== RECORDS FOR PROCESSING
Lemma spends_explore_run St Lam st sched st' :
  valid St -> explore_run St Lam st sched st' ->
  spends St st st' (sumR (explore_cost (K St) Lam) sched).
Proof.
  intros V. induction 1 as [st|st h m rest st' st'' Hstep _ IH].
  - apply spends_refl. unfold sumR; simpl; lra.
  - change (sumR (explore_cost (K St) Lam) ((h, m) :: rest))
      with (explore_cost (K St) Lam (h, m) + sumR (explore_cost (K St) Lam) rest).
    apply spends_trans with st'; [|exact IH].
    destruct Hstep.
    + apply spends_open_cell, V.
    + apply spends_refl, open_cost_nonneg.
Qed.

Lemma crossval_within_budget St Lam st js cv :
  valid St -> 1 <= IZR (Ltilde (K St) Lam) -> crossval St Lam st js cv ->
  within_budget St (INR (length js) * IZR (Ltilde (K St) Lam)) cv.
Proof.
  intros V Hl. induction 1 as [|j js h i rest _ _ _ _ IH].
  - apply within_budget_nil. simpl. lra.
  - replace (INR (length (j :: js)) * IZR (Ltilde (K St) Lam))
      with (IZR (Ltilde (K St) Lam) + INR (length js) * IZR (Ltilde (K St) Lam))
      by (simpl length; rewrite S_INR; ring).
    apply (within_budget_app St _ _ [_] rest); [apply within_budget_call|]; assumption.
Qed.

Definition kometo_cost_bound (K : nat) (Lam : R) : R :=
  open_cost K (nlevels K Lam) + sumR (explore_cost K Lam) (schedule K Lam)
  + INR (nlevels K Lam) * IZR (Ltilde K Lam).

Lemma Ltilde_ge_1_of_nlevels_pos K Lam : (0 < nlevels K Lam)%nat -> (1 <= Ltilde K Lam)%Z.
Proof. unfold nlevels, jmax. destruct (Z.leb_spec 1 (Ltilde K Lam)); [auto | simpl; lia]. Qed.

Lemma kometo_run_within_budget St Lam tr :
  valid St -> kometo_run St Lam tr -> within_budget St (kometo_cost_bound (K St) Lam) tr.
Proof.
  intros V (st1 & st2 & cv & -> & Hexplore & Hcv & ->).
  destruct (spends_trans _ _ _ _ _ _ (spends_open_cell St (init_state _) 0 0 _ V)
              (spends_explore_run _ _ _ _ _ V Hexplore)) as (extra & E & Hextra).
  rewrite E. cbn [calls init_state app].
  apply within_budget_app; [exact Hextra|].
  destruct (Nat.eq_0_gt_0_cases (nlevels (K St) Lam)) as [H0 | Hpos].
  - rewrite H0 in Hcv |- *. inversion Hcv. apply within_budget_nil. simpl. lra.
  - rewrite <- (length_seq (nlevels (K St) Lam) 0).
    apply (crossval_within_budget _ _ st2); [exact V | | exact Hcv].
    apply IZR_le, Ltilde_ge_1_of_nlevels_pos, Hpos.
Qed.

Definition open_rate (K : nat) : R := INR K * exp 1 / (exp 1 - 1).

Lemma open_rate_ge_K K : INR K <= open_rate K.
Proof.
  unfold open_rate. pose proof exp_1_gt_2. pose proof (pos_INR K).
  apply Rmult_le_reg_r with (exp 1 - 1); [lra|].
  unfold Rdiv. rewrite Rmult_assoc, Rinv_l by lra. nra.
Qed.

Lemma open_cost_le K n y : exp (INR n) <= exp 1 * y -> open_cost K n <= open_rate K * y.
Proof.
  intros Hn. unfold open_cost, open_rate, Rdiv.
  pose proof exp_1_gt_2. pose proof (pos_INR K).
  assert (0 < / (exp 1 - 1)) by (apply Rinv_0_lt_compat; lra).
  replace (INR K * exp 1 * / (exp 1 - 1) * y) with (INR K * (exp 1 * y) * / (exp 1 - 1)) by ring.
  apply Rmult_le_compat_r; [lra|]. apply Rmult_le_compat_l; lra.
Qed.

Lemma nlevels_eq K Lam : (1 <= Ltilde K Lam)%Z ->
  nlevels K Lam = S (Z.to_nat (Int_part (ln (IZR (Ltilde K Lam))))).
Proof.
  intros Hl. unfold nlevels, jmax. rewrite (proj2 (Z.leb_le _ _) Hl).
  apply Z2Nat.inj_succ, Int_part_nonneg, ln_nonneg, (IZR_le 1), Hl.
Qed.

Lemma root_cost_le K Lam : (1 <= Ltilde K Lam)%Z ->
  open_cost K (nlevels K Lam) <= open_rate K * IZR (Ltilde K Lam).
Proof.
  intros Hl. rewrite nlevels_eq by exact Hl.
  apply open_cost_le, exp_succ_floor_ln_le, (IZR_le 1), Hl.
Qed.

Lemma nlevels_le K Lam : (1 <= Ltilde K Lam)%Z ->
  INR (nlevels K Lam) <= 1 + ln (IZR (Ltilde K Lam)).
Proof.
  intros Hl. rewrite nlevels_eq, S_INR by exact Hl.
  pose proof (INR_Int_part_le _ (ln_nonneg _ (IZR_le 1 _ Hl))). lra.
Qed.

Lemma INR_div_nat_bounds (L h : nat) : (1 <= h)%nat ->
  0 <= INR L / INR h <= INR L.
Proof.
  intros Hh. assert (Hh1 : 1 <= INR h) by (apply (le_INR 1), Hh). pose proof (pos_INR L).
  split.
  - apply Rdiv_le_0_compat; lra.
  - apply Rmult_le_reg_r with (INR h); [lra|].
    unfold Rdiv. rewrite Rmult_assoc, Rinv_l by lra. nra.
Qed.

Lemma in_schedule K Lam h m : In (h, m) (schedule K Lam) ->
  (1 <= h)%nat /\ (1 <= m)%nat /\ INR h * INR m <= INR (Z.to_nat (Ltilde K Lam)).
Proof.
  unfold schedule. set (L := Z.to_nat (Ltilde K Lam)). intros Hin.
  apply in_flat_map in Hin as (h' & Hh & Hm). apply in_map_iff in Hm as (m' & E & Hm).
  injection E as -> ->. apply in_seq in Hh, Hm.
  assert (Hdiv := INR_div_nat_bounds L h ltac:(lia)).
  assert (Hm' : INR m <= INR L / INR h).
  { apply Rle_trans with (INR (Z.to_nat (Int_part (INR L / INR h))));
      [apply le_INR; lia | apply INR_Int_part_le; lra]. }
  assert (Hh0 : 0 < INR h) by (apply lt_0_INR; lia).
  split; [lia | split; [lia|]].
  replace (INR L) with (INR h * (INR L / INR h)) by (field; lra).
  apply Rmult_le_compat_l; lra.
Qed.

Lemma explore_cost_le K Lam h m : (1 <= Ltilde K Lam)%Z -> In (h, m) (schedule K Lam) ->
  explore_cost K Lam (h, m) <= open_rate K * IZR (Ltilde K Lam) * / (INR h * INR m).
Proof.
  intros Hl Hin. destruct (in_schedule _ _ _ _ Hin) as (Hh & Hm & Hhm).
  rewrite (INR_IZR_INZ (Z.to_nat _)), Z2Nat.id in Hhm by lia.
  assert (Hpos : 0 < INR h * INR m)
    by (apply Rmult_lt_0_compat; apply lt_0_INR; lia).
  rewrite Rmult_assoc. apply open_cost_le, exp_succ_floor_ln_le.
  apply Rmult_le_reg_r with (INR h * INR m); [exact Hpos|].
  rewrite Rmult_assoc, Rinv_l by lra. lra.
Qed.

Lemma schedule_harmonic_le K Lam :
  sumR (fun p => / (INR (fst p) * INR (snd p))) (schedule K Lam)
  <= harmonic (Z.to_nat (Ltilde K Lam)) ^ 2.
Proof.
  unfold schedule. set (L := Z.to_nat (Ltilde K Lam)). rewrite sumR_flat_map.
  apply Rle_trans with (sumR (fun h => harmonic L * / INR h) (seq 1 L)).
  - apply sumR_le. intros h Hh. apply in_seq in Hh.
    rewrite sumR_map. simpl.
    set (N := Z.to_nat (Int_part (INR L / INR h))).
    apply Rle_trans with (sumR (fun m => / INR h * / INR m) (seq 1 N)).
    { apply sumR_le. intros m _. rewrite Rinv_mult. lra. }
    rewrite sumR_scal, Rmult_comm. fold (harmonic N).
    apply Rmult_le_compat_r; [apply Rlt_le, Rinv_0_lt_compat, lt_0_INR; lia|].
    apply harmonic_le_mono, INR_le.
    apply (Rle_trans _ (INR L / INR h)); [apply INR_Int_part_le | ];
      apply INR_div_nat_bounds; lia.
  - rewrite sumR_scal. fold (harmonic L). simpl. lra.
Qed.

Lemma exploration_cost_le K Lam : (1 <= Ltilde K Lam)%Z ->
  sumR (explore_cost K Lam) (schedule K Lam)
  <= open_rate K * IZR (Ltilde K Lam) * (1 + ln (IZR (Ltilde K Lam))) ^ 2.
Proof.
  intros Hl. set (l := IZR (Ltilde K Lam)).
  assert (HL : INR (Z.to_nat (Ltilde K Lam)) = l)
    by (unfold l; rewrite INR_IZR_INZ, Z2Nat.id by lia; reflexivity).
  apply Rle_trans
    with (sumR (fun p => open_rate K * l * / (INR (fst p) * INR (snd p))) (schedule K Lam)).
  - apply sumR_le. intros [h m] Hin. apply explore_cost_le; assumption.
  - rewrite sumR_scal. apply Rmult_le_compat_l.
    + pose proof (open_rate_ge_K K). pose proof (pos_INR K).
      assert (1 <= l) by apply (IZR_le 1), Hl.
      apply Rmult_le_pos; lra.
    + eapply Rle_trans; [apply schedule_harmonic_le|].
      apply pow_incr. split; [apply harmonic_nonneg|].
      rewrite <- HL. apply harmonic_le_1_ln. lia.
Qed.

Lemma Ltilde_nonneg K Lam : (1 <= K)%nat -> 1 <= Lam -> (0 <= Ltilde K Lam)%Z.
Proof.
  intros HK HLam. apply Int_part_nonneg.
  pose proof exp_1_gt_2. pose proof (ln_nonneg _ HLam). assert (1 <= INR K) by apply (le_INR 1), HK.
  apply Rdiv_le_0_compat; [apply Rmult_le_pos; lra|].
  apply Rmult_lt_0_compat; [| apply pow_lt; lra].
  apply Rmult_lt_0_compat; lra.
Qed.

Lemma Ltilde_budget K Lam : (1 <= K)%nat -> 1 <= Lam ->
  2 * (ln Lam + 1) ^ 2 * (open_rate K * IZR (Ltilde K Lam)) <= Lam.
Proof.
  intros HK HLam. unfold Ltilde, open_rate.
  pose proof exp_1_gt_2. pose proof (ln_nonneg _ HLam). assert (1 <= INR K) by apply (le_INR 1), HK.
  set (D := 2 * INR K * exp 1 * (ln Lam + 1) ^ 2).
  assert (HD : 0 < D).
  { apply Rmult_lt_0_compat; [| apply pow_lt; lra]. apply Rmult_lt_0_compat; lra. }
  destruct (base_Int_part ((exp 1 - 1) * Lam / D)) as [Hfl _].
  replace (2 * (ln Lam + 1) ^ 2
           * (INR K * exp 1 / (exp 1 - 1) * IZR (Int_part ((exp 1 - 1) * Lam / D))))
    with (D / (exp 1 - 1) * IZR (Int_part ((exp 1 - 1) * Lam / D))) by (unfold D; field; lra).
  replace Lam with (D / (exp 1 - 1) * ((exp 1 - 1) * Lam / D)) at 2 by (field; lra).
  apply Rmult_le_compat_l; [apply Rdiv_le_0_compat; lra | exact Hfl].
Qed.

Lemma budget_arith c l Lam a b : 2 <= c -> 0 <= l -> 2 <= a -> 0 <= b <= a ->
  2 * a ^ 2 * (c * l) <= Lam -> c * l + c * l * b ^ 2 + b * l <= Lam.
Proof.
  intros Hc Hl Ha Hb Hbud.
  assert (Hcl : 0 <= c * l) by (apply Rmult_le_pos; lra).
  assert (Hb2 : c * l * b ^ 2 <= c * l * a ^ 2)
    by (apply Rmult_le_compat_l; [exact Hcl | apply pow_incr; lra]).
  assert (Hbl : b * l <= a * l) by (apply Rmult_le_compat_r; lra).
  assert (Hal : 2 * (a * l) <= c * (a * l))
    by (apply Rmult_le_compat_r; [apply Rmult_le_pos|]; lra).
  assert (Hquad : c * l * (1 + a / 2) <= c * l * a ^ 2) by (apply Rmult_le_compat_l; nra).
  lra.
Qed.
====
_WHAT IS REQUIRED:_
Where does "HLam" appear in the records above? Copy each line that holds it.

_RESULT OF THE EXERCISE:_
  intros HK HLam. apply Int_part_nonneg.
  pose proof exp_1_gt_2. pose proof (ln_nonneg _ HLam). assert (1 <= INR K) by apply (le_INR 1), HK.
  intros HK HLam. unfold Ltilde, open_rate.
  pose proof exp_1_gt_2. pose proof (ln_nonneg _ HLam). assert (1 <= INR K) by apply (le_INR 1), HK.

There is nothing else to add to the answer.